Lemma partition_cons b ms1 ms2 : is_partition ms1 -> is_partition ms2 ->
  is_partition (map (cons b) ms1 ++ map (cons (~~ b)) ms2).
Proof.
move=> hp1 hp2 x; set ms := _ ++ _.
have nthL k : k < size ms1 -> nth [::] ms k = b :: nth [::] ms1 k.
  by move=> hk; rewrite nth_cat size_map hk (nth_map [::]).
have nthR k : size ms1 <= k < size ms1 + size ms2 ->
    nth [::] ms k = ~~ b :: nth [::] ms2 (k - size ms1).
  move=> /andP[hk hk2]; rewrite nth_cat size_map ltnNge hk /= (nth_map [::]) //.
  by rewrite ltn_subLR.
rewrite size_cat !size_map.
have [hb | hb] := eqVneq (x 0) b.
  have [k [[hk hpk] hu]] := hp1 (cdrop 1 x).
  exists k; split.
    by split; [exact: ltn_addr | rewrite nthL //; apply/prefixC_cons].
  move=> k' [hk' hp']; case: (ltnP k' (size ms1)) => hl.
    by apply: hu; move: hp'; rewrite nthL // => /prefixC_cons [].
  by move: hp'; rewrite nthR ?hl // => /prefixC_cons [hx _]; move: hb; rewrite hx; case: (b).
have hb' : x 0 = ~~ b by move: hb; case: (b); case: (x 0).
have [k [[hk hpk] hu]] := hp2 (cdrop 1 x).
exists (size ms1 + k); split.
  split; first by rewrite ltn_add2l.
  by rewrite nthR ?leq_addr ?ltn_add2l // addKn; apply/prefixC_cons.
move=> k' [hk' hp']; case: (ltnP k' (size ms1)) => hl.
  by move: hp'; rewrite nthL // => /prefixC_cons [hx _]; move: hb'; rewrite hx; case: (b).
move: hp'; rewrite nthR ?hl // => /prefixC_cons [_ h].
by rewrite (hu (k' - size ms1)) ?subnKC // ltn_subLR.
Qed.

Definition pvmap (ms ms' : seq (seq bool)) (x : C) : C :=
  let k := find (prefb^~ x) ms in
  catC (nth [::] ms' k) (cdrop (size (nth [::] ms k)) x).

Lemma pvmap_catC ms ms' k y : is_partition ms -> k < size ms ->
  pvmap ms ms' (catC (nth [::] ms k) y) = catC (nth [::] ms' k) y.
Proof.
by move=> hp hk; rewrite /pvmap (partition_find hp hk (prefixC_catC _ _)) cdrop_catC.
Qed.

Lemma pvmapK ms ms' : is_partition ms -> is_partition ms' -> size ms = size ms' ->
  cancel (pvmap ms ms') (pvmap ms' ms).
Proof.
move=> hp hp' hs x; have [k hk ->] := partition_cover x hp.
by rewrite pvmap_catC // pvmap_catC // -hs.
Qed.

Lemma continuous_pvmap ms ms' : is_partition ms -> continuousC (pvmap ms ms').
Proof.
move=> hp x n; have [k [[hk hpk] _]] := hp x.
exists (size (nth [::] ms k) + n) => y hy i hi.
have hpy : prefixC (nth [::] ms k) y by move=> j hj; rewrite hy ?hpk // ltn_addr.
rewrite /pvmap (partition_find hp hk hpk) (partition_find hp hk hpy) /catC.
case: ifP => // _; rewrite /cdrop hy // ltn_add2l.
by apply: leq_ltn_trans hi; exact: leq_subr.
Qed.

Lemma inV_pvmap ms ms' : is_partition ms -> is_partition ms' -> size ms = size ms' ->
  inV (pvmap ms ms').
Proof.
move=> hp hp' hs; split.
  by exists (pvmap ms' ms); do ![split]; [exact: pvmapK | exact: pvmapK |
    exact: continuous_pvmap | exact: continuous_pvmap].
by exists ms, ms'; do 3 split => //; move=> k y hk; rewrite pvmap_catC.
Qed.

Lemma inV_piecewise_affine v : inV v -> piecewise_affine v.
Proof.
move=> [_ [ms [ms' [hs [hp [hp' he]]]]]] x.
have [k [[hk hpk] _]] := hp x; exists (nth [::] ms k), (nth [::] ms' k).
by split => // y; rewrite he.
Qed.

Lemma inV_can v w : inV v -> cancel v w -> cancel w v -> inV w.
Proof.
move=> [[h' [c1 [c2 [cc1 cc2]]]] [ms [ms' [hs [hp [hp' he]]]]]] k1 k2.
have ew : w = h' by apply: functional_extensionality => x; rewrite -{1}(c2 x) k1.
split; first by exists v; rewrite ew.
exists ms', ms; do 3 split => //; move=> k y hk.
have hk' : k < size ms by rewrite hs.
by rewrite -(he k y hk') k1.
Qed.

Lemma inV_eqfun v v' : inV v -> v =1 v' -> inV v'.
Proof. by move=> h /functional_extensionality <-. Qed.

------------------------------------------------------------

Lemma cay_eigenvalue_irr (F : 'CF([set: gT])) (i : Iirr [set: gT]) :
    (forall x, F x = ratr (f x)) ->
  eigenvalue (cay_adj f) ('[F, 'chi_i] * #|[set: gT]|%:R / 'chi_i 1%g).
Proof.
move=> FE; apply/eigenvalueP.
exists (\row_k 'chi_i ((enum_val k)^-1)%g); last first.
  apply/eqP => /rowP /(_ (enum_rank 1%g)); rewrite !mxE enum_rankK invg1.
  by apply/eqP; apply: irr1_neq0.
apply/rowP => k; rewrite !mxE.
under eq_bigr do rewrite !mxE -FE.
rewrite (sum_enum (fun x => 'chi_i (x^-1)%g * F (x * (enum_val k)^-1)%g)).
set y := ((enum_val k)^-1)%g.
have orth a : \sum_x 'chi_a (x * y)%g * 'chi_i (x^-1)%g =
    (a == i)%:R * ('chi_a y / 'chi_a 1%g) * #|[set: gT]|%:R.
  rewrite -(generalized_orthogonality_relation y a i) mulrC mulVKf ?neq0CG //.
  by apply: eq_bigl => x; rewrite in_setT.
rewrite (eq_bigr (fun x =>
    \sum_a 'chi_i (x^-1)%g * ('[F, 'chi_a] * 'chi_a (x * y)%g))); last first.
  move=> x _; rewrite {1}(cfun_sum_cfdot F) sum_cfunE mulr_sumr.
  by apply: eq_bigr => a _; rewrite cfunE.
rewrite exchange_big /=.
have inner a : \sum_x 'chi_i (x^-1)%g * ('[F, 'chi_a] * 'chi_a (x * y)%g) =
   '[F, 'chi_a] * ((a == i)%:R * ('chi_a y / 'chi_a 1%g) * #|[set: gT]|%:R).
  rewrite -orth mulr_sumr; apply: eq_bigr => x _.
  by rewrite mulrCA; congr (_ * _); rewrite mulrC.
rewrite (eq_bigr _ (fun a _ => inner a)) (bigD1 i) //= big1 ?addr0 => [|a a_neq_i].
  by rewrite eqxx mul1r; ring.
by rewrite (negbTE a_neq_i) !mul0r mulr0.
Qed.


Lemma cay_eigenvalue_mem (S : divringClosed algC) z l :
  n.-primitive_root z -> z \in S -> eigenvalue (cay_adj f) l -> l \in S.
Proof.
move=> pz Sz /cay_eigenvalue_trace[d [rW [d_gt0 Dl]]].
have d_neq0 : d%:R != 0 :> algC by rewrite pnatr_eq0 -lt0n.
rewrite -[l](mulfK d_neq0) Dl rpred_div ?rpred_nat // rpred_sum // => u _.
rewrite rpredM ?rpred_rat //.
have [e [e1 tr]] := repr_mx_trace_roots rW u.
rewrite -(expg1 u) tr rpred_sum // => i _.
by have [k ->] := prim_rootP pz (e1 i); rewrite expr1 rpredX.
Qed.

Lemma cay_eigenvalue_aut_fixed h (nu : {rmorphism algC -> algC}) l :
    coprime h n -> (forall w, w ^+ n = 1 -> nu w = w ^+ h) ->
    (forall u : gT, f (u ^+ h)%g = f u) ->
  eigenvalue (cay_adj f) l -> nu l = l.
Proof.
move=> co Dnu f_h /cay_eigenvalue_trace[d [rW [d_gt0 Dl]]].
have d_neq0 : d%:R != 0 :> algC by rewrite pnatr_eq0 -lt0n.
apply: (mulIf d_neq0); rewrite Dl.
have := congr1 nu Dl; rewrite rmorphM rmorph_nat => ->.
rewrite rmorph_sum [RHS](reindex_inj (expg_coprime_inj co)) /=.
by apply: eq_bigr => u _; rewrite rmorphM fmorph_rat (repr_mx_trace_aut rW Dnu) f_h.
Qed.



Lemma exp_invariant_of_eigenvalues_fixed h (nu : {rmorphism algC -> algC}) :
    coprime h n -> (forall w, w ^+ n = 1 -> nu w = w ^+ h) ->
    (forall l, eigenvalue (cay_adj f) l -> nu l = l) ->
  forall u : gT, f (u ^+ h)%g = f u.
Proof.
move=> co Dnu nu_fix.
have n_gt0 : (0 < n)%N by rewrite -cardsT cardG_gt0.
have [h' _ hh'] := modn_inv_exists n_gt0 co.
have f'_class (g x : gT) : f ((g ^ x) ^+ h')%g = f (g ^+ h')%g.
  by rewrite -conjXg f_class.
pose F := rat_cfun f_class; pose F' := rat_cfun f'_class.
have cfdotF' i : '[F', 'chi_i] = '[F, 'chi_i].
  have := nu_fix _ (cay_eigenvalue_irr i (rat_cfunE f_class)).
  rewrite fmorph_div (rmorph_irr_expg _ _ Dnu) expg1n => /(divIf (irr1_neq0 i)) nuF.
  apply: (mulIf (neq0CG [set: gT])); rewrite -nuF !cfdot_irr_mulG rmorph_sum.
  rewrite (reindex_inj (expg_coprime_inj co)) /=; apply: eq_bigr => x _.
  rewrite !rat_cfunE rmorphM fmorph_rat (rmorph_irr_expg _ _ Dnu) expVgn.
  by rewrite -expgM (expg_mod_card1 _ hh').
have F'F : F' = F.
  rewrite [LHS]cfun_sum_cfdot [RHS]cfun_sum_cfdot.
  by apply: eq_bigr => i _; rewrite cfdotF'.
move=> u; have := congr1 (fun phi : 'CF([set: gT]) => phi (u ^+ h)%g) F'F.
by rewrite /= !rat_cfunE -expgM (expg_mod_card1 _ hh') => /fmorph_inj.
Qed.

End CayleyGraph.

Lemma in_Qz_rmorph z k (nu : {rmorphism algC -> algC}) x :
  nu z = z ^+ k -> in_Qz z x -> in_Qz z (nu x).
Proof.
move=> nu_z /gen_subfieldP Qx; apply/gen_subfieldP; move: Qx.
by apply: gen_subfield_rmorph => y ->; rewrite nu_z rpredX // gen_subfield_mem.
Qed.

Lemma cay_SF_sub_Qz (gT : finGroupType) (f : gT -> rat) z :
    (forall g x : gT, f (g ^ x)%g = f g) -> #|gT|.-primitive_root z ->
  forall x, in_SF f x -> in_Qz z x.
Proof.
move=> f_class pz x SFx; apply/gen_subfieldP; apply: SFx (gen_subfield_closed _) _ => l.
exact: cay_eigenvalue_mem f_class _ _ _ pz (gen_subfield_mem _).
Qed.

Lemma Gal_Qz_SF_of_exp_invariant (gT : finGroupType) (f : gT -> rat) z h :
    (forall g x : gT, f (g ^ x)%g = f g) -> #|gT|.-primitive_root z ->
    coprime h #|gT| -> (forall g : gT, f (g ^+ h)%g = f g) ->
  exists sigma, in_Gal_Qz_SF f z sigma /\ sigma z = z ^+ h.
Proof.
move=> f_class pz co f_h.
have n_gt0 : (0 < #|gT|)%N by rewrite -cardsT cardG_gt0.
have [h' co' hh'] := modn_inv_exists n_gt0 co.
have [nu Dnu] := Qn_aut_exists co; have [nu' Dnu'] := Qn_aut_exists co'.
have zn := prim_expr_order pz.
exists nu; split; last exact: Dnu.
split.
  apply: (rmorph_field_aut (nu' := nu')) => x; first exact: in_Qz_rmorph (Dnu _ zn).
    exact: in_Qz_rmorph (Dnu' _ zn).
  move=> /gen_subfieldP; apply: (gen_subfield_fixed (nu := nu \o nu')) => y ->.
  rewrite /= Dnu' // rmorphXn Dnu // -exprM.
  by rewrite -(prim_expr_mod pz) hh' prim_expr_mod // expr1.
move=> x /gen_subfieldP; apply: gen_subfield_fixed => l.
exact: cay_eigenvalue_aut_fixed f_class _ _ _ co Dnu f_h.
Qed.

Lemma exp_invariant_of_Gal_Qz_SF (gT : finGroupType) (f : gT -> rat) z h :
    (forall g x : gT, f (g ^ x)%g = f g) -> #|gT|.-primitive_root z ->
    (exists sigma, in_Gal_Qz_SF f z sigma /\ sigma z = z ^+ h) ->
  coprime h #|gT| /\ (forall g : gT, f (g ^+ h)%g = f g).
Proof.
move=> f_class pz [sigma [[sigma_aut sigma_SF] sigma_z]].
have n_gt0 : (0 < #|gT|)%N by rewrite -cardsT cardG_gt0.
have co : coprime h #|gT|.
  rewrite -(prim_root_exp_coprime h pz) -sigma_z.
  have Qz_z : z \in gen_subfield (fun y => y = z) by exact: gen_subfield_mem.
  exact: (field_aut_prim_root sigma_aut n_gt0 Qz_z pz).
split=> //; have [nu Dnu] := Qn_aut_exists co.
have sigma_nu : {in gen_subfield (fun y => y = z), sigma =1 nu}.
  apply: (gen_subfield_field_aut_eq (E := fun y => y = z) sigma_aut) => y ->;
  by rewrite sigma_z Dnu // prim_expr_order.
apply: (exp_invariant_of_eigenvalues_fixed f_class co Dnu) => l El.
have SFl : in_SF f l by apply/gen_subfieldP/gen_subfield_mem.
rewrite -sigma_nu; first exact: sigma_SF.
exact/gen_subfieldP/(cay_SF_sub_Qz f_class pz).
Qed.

------------------------------------------------------------

● **Task prompt**
Please, from the material above, copy only the lines from the line with "move=> /gen_subfieldP; apply: (gen_subfield_fixed" up to and including the line with "move=> x /gen_subfieldP;", exactly as written.

● **Exercise response**
  move=> /gen_subfieldP; apply: (gen_subfield_fixed (nu := nu \o nu')) => y ->.
  rewrite /= Dnu' // rmorphXn Dnu // -exprM.
  by rewrite -(prim_expr_mod pz) hh' prim_expr_mod // expr1.
move=> x /gen_subfieldP; apply: gen_subfield_fixed => l.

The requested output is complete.